Lembro de quantas vezes ouvi meu pai falar de amor. Essa era, sem dúvida, uma das tônicas de seu ministério, o que lhe rendeu o apelido de “apóstolo do amor”. Não foi ele quem se intitulou assim. Aliás, ele nunca ligou muito pra título. Por isso, só pouco antes de morrer, na semana em que partiu, ele aceitou ser sagrado bispo. Mas ainda hoje há quem se refira a ele como “apóstolo do amor”.

Mas ele sabia dos riscos que havia de se pregar o amor. Algumas pessoas mal intencionadas se aproveitavam para extrair dele algum benefício, e quando ele não podia atender à um pedido, logo o chamavam de incoerente, de não viver o que pregava, etc. A bem da verdade, algumas vezes ele caiu em verdadeiras armadilhas. Ele preferia acreditar nas pessoas, até que se provasse o contrário.

Muitos dos seus gestos de amor eram feitos à surdina. Eu mesmo já testemunhei ocasiões em que ele ajudou alguém, e pediu que não divulgasse. Ele buscava seguir à risca à orientação dada por Jesus: o que fizer a mão direita, não o saiba a esquerda.

Quando decidi fazer da mensagem do amor uma das principais ênfases do meu ministério, eu estava plenamente ciente do que isso me acarretaria. Eu seria julgado com mais severidade. Seria acusado de incoerência, quando tivesse que disciplinar alguém na igreja. Teria minha vida constantemente perscrutada por aqueles que me almejassem “desmascarar”. Mas resolvi correr o risco.

Confesso que às vezes o preço parece mais caro do que eu supunha ser. Mas, por outro lado, é gratificante. O resultado positivo não pode ser ofuscado por nenhuma contestação ou acusação.
Que me acusem do que quiserem. Não me importo. Mas jamais se atrevam a atacar a mensagem, pois ela não é minha, é de Deus.

Não vou deixar de pregar o amor, ainda que, quanto mais amar, eu seja menos amado. Não busco ser correspondido. O amor de Deus por mim supre minha carência por completo. O fato de Ele me amar é suficiente para que eu ame tanto a meus amigos, quanto a meus desafetos.
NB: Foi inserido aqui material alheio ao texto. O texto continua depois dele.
(* Let $a\in\C\setminus\{0\}$ and let $t_i=\sum_{n\ge0}t_{i,n}q^n\in\C[[q]]$, $i=1,2,3$, be formal power series satisfying $$\dot t_1=t_1^2-\tfrac1{12}t_2,\qquad \dot t_2=4t_1t_2-6t_3,\qquad \dot t_3=6t_1t_3-\tfrac13t_2^2,\qquad\text{where }\dot{}=a\,q\frac{\partial}{\partial q},$$ and assume $(t_{1,1},t_{2,1},t_{3,1})\neq(0,0,0)$. Put $b=a/12$. Then $(t_{1,0},t_{2,0},t_{3,0})=(b,12b^2,8b^3)$ and there is $c\in\C\setminus\{0\}$ such that $$t_1=b\,E_2(cq),\qquad t_2=12b^2\,E_4(cq),\qquad t_3=8b^3\,E_6(cq),$$ where $E_{2k}(q)=1+\beta_k\sum_{n\ge1}\big(\sum_{d\mid n}d^{2k-1}\big)q^n$ with $(\beta_1,\beta_2,\beta_3)=(-24,240,-504)$. *)

(* Formal power series over a field R are represented by
   their coefficient sequences  nat -> R. *)
From HB Require Import structures.
From mathcomp Require Import all_boot all_order all_algebra.
Set Implicit Arguments. Unset Strict Implicit. Unset Printing Implicit Defensive.
Import Order.TTheory GRing.Theory Num.Theory.
Local Open Scope ring_scope.

Definition psmul (R : nzRingType) (f g : nat -> R) : nat -> R :=
  fun n => \sum_(i < n.+1) f i * g (n - i)%N.

(* The derivation  a q d/dq  on coefficient sequences: n-th coeff a * n * f_n *)
Definition psder (R : nzRingType) (a : R) (f : nat -> R) : nat -> R :=
  fun n => a * n%:R * f n.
Continuarei pedindo discrição daqueles a quem eu tiver oportunidade de ajudar. Minha recompensa vem do Senhor.

Não vou perder tempo emprestando meus lábios às acusações, sejam elas infundadas ou não. Como também não quero perder tempo me explicando, me justificando, pois tenho quem me defenda e me justifique. Com a palavra... meu advogado... Jesus!
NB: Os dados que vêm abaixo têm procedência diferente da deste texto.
Lemma rank_count (N0 : nat) (n : Z) (k : nat) (Q : list point) :
  (1 <= k)%nat -> 0 < alpha k <= beta k ->
  (forall i, (1 <= i)%nat -> affected alpha beta F i (0, 0) -> (i <= N0)%nat) ->
  (forall i, (i <= N0)%nat -> beta i <= n) ->
  NoDup Q ->
  (forall p, In p Q -> removed_at k p /\ Z.abs (fst p) <= n /\ Z.abs (snd p) <= n) ->
  Z.of_nat (length Q) * beta k ^ 2 <= 225 * alpha k ^ 2 * (2 * n + 1) ^ 2.
Proof.
  intros Hk Hab Haff Hbeta Hnd HQ.
  destruct Q as [|p0 Q'] eqn:HQ0.
  { cbn [length Z.of_nat]. rewrite !Z.pow_2_r, Z.mul_0_l. apply Z.mul_nonneg_nonneg; nia. }
  rewrite <- HQ0 in *.
  assert (Hbn : beta k <= n).
  { destruct (HQ p0) as [Hr [H1 H2]]; [subst; left; reflexivity|].
    destruct (Z_le_gt_dec (beta k) n) as [|Hgt]; [assumption|].
    apply Hbeta, Haff; [exact Hk|]. apply (removed_affects k p0); [exact Hk|exact Hr|].
    unfold dist; simpl. lia. }
  apply separated_packing; try lia; [exact Hnd| |].
  - intros p Hp. apply HQ, Hp.
  - intros p q Hp Hq. apply removed_separated; [exact Hk|apply HQ, Hp|apply HQ, Hq].
Qed.
End Cleaning.

Open Scope R_scope.

Lemma count_ratio_le (L : nat) (a b c : Z) :
  (Z.of_nat L * b^2 <= 225 * a^2 * c)%Z -> (0 < b)%Z ->
  INR L <= 225 * IZR c * (IZR a / IZR b)^2.
Proof.
  intros H Hb. rewrite !Z.pow_2_r in H. apply IZR_le in H. rewrite !mult_IZR in H.
  rewrite INR_IZR_INZ. apply IZR_lt in Hb.
  replace (225 * IZR c * (IZR a / IZR b) ^ 2)
    with ((225 * IZR a * IZR a * IZR c) / (IZR b * IZR b)) by (field; lra).
  apply (Rmult_le_reg_r (IZR b * IZR b)); [nra|].
  unfold Rdiv. rewrite Rmult_assoc, Rinv_l by nra. lra.
Qed.

Lemma rank_density_bound alpha beta (F : point -> Prop) (N0 n k : nat) (Q : list point) :
  (1 <= k)%nat -> (0 < alpha k <= beta k)%Z ->
  (forall i, (1 <= i)%nat -> affected alpha beta F i (0%Z, 0%Z) -> (i <= N0)%nat) ->
  (forall i, (i <= N0)%nat -> (beta i <= Z.of_nat n)%Z) ->
  NoDup Q -> (forall p, In p Q -> removed_at alpha beta F k p /\ In p (square n)) ->
  INR (length Q) <= 225 * INR ((2 * n + 1) * (2 * n + 1)) * (IZR (alpha k) / IZR (beta k)) ^ 2.
Proof.
  intros Hk Hab Haff Hbeta Hnd HQ.
  replace (INR ((2 * n + 1) * (2 * n + 1))) with (IZR ((2 * Z.of_nat n + 1) ^ 2))
    by (rewrite INR_IZR_INZ; f_equal; lia).
  apply count_ratio_le; [|lia].
  apply (rank_count alpha beta F N0); try assumption.
  intros p Hp. destruct (HQ p Hp) as [Hr Hsq]. split; [exact Hr|]. apply square_bounds, Hsq.
Qed.

Lemma INR_list_sum_seq (f : nat -> nat) K :
  INR (list_sum (map f (seq 0 (S K)))) = sum_f_R0 (fun j => INR (f j)) K.
Proof.
  induction K as [|K IH]; [simpl; rewrite Nat.add_0_r; reflexivity|].
  rewrite seq_S, map_app, list_sum_app, plus_INR, IH. simpl. rewrite Nat.add_0_r. reflexivity.
Qed.

Lemma length_le_rank_sum {A} (l : list A) (P : nat -> A -> Prop) :
  NoDup l -> (forall x, In x l -> exists j, P j x) ->
  exists K, INR (length l) <= sum_f_R0 (fun j => INR (length (filter (holds (P j)) l))) K.
Proof.
  intros Hnd Hrank.
  destruct (finite_rank_bound l (fun x j => P j x) Hrank) as [K HK].
  exists K. rewrite <- INR_list_sum_seq. apply le_INR, length_le_sum_classes; [exact Hnd|].
  intros x Hx. destruct (HK x Hx) as [j [Hj Hr]].
  exists j. split; [apply in_seq; lia|exact Hr].
Qed.

Lemma scaled_partial_sum_le (t : nat -> R) l m K :
  (forall j, 0 <= t j) -> infinite_sum t l -> 0 <= m ->
  sum_f_R0 (fun j => m * t j) K <= m * l.
Proof.
  intros Ht HS Hm.
  assert (Hpartial : sum_f_R0 t K <= l).
  { apply growing_ineq; [|exact HS]. intros i. simpl. specialize (Ht (S i)). lra. }
  rewrite (sum_eq _ (fun j => t j * m)) by (intros; ring).
  rewrite <- scal_sum. apply Rmult_le_compat_l; assumption.
Qed.

Lemma density_ratio_le (E : point -> bool) n X :
  INR (count_in_square E n) <= X * INR ((2 * n + 1) * (2 * n + 1)) -> density_ratio E n <= X.
Proof.
  intros H. assert (Hc : 0 < INR ((2 * n + 1) * (2 * n + 1))) by (apply lt_0_INR; lia).
  unfold density_ratio. apply (Rmult_le_reg_r _ _ _ Hc).
  unfold Rdiv. rewrite Rmult_assoc, Rinv_l by lra. lra.
Qed.

Lemma beta_bound (beta : nat -> Z) (M : nat) :
  exists N : nat, forall n k, (N <= n)%nat -> (k <= M)%nat -> (beta k <= Z.of_nat n)%Z.
Proof.
  induction M as [|M [N HN]].
  - exists (Z.to_nat (beta O)). intros n k Hn Hk. replace k with O by lia. lia.
  - exists (Nat.max N (Z.to_nat (beta (S M)))). intros n k Hn Hk.
    destruct (Nat.eq_dec k (S M)); [subst; lia|].
    apply HN; lia.
Qed.

Theorem lemma2 :
  exists C : R,
    forall (alpha beta : nat -> Z) (E : point -> bool) (Ssum : R),
      (forall k : nat, (1 <= k)%nat ->
         (0 < alpha k)%Z /\ (alpha k <= beta k)%Z) ->
      sparse alpha beta (fun p => E p = true) ->
      infinite_sum (fun k : nat => (IZR (alpha (S k)) / IZR (beta (S k))) ^ 2) Ssum ->
      besicovitch_density_le E (C * Ssum).
Proof.
  exists 225. intros alpha beta E Ssum Hab [Hrem Haff] Hsum eps Heps.
  set (F := fun p => E p = true).
  destruct (Haff (0%Z, 0%Z)) as [N0 HN0]. destruct (beta_bound beta N0) as [N HN].
  exists N. intros n Hn.
  set (L := filter E (square n)).
  assert (HL : forall p, In p L -> In p (square n) /\ F p) by (intros p; apply filter_In).
  assert (HLnd : NoDup L) by apply NoDup_filter, square_NoDup.
  destruct (length_le_rank_sum L (fun j => removed_at alpha beta F (S j))) as [K HK];
    [exact HLnd| |].
  { intros p Hp. destruct (Hrem p (proj2 (HL p Hp))) as [[|j] [Hj Hr]]; [lia|].
    exists j; exact Hr. }
  set (c := INR ((2 * n + 1) * (2 * n + 1))).
  apply Rle_trans with (225 * Ssum); [|lra].
  apply density_ratio_le. eapply Rle_trans; [exact HK|].
  apply Rle_trans with (sum_f_R0 (fun j => (225 * c) * (IZR (alpha (S j)) / IZR (beta (S j))) ^ 2) K).
  - apply sum_Rle. intros j _.
    apply (rank_density_bound alpha beta F N0);
      [lia|apply Hab; lia|exact HN0|intros; apply HN; assumption|..].
    + apply NoDup_filter, HLnd.
    + intros p Hp. apply filter_In in Hp as [Hp Hr].
      split; [apply (holds_spec (removed_at alpha beta F (S j))), Hr|apply HL, Hp].
  - assert (Hc : 0 <= c) by apply pos_INR.
    eapply Rle_trans; [apply scaled_partial_sum_le; [intros; apply pow2_ge_0|exact Hsum|lra]|].
    unfold c. right. ring.
Qed.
Trata-se de um caminho sem volta. Seja qual for o preço a ser pago, não se pode retroceder.
Que o mesmo Espírito que derramou profusamente o amor de Deus em nossos corações, nos dê condição de arcar com os eventuais custos disso.

Pregar o amor é colocar-se no banco de réus. Viver o amor é dar às pessoas amadas o poder de nos decepcionar. Mas é o mesmo amor que nos agracia com o dom de perdoar.